We couldn’t leave without getting one of their famous choux (pronounced shoo) puffs. We got a Blueberry Cheesecake Choux ($3.50 for one, $10 for three), which we heard is popular. You’re advised to consume the choux within a day, as it tends to go bad quickly.
The choux was topped with a swirl of fluffy whipped cream, a dollop of blueberry compote and a sprinkle of milk crumbs. We tore the pastry open slowly to capture that #foodporn. True enough, a delightful burst of cream cheese came flowing out.
This cream puff was one of the best I’d had in ages. The creamy filling was light and milky, while the dough enveloping it was both crisp and chewy. I was so tempted to try the other flavours available, but we already exceeded our sugar quota of the day.
We moved on to one of the most interesting desserts Shubby Sweets had on display – Snickers Cheesecake ($7.90). The thick cheesecake was drenched in a gooey layer of salted caramel and halved peanuts, which dripped tantalisingly along the edges. We were told that this treat wasn’t made with actual Snickers.
Here’s a little close-up of the sticky syrup to send your stomach growling.
The cheesecake, which came with chocolate marbling, tasted a little too jelak for me. Just a few spoonfuls, and I was done. The caramel sauce, on the other hand, was really addictive. It was salty-sweet, with a slightly bitter aftertaste. It was the reason I kept coming back for seconds.

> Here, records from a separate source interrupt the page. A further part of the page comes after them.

(* Let $V$, $P$, $\overline H_h(P)$ and $\hat H_h^N$ be as in the context. Then for every integer $N\ge0$, $|\overline H_h(P)-\hat H_h^N|=O(h^{N+1})$ as $h\to0$.
   Context: $\mathbb{T}=\mathbb{R}/\mathbb{Z}\cong[-\tfrac12,\tfrac12)$. $V:\mathbb{T}\to\mathbb{R}$ is smooth, symmetric, with a unique non-degenerate minimum at $0$. $\overline H(P)$ is the effective Hamiltonian: the unique constant $c$ for which $\tfrac12(P+\phi')^2+V=c$ has a periodic viscosity solution; $P_{crit}=\inf\{P:\overline H(P)>\min\overline H\}$, and $P>P_{crit}$ is fixed, so that $\overline H(P)>\max V$. For $h>0$, $\overline H_h(P)$ is the unique constant for which $-\tfrac h2v''+\tfrac12(P+v')^2+V=\overline H_h(P)$ has a periodic solution $v=v_h$. Put $p^+(x)=\sqrt{2(\overline H(P)-V(x))}>0$ and $\sigma_0=c/p^+$ with $\int_{\mathbb{T}}\sigma_0=1$. Define $\overline H_0=\overline H(P)$, $v_0(x)=\int_{-1/2}^x p^+(s)ds-P(x+\tfrac12)$, and inductively for $j\ge1$: $\overline H_j=\int_{\mathbb{T}}\big[-\tfrac12 v_{j-1}''+\tfrac12\sum_{i=1}^{j-1}v_i'v_{j-i}'\big]\sigma_0\,dx$, and $v_j$ a smooth periodic solution (unique up to additive constant) of $-\tfrac12v_{j-1}''+p^+v_j'+\tfrac12\sum_{i=1}^{j-1}v_i'v_{j-i}'=\overline H_j$. Set $\hat H_h^N=\sum_{j=0}^N h^j\overline H_j$. *)

From Stdlib Require Import Reals Lra List.
From Coquelicot Require Import Coquelicot.
Import ListNotations.
Open Scope R_scope.

(* 1-periodic functions on R = functions on the torus T = R/Z. *)
Definition periodic1 (f : R -> R) : Prop := forall x, f (x + 1) = f x.

Definition smooth (f : R -> R) : Prop := forall (n : nat) (x : R), ex_derive_n f n x.

Definition C1 (f : R -> R) : Prop :=
  (forall x, ex_derive f x) /\ (forall x, continuous (Derive f) x).

Definition twice_diff (f : R -> R) : Prop :=
  forall x, ex_derive f x /\ ex_derive (Derive f) x.

Definition admissible_potential (V : R -> R) : Prop :=
  smooth V /\ periodic1 V /\ (forall x, V (- x) = V x) /\
  (forall x, -1/2 <= x < 1/2 -> x <> 0 -> V 0 < V x) /\
  Derive_n V 2 0 > 0.

Definition local_max_at (g : R -> R) (x0 : R) : Prop :=
  exists eps, eps > 0 /\ forall y, Rabs (y - x0) < eps -> g y <= g x0.
Definition local_min_at (g : R -> R) (x0 : R) : Prop :=
  exists eps, eps > 0 /\ forall y, Rabs (y - x0) < eps -> g x0 <= g y.

Definition visc_solution (V : R -> R) (P c : R) (phi : R -> R) : Prop :=
  (forall x, continuous phi x) /\
  (forall psi x0, C1 psi -> local_max_at (fun y => phi y - psi y) x0 ->
     1/2 * (P + Derive psi x0) ^ 2 + V x0 <= c) /\
  (forall psi x0, C1 psi -> local_min_at (fun y => phi y - psi y) x0 ->
     1/2 * (P + Derive psi x0) ^ 2 + V x0 >= c).

(* c is the effective Hamiltonian value at P: the equation admits a periodic
   viscosity solution (such c is unique). *)
Definition is_eff_ham (V : R -> R) (P c : R) : Prop :=
  exists phi, periodic1 phi /\ visc_solution V P c phi.

Definition is_visc_eff_ham (V : R -> R) (P h c : R) : Prop :=
  exists v, periodic1 v /\ twice_diff v /\
    forall x, - h / 2 * Derive_n v 2 x + 1/2 * (P + Derive v x) ^ 2 + V x = c.

Definition min_Hbar (Hbar : R -> R) : Rbar := Glb_Rbar (fun y => exists P', y = Hbar P').

Definition P_crit (Hbar : R -> R) : Rbar :=
  Glb_Rbar (fun P' => 0 <= P' /\ Rbar_lt (min_Hbar Hbar) (Finite (Hbar P'))).

Definition pplus (V : R -> R) (HP : R) (x : R) : R := sqrt (2 * (HP - V x)).

Definition sigma0 (V : R -> R) (HP : R) (x : R) : R :=
  (/ RInt (fun s => / pplus V HP s) (-1/2) (1/2)) / pplus V HP x.

Definition cross_sum (v : nat -> R -> R) (j : nat) (x : R) : R :=
  fold_right Rplus 0
    (map (fun i => Derive (v i) x * Derive (v (j - i)%nat) x) (seq 1 (j - 1))).

Definition expansion_data (V : R -> R) (P HP : R)
    (Hj : nat -> R) (v : nat -> R -> R) : Prop :=
  Hj 0%nat = HP /\
  (forall x, v 0%nat x = RInt (pplus V HP) (-1/2) x - P * (x + 1/2)) /\
  forall j : nat, (1 <= j)%nat ->
    Hj j = RInt (fun x => (- 1/2 * Derive_n (v (j - 1)%nat) 2 x
                           + 1/2 * cross_sum v j x) * sigma0 V HP x) (-1/2) (1/2) /\
    smooth (v j) /\ periodic1 (v j) /\
    forall x, - 1/2 * Derive_n (v (j - 1)%nat) 2 x + pplus V HP x * Derive (v j) x
              + 1/2 * cross_sum v j x = Hj j.

Definition Hhat (Hj : nat -> R) (h : R) (N : nat) : R :=
  sum_f_R0 (fun j => h ^ j * Hj j) N.

(* Since P > P_crit, testing the viscosity solutions with primitives of suitable
   densities shows Hbar(P) > max V and that p^+ has mean P.  The recursion for
   (Hbar_j, v_j) is exactly the statement that U = sum_{j <= N} h^j v_j solves the
   viscous cell problem at level Hhat_h^N up to a residual of size O(h^(N+1)); for
   small h, P + U' stays close to p^+ > 0.  Comparing U with the exact corrector
   v_h at the extrema of v_h' - U', where their second derivatives agree, bounds
   |Hbar_h(P) - Hhat_h^N| by the size of that residual. *)

From Stdlib Require Import Reals Lra Lia List ZArith Classical.
From Coquelicot Require Import Coquelicot.
(* Imported last: [Stdlib.Reals] also exports a constant named [C1]. *)
Open Scope R_scope.

Fixpoint psum (f : nat -> R) (n : nat) : R :=
  match n with O => 0 | S n => psum f n + f n end.

Lemma psum_ext f g n : (forall k, (k < n)%nat -> f k = g k) -> psum f n = psum g n.
Proof.
  induction n as [|n IH]; intros Hfg; simpl; auto.
  rewrite IH by (intros k Hk; apply Hfg; lia). rewrite Hfg by lia. reflexivity.
Qed.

Finally, we finished off with the Earl Grey Tea-ramisu ($6.50). Now, this cake was the physical definition of moist.
The tiramisu was covered in milk chocolate shavings, and the ladyfingers were coated in layers of Earl Grey mascarpone, giving it a creamy texture. I was pleased to find that the tiramisu wasn’t sugary sweet like all the other desserts I’d had preceding it. Everything about it was pillowy and mild.
Ambience at Shubby Sweets
Do note that Shubby Sweets only does takeaways. No seats are available here, although your desserts will be neatly packed into boxes or plastic containers for you to enjoy elsewhere. Apart from baked goods, Shubby Sweets also sells pretty household items including picture frames and dishes.
My colleague and I were quite impressed by the minimalistic, contemporary set-up in the air-conditioned store. It stood out to us amidst all the other convenience stores dotting the sleepy neighbourhood.
Shubby Sweets takes the cake – no pun intended. While I’ll never order so many things at one go again, I’ll definitely return for more. They switch things up on their menu every week, so stay tuned to their Facebook page for any announcements. If you’re lucky, you might get to try other interesting treats such as their Smores Choux and Gula Melaka Cheesecake!
Address: 42 Chai Chee Street, #01-68, Singapore 461042
Opening hours: Wed-Fri 1:30pm to 6:30pm, Sat-Sun 12:30pm to 6:30pm
Tel: 8419 9614
Shubby Sweets is a Muslim-owned dessert shop.
This is an independent review by Eatbook.sg.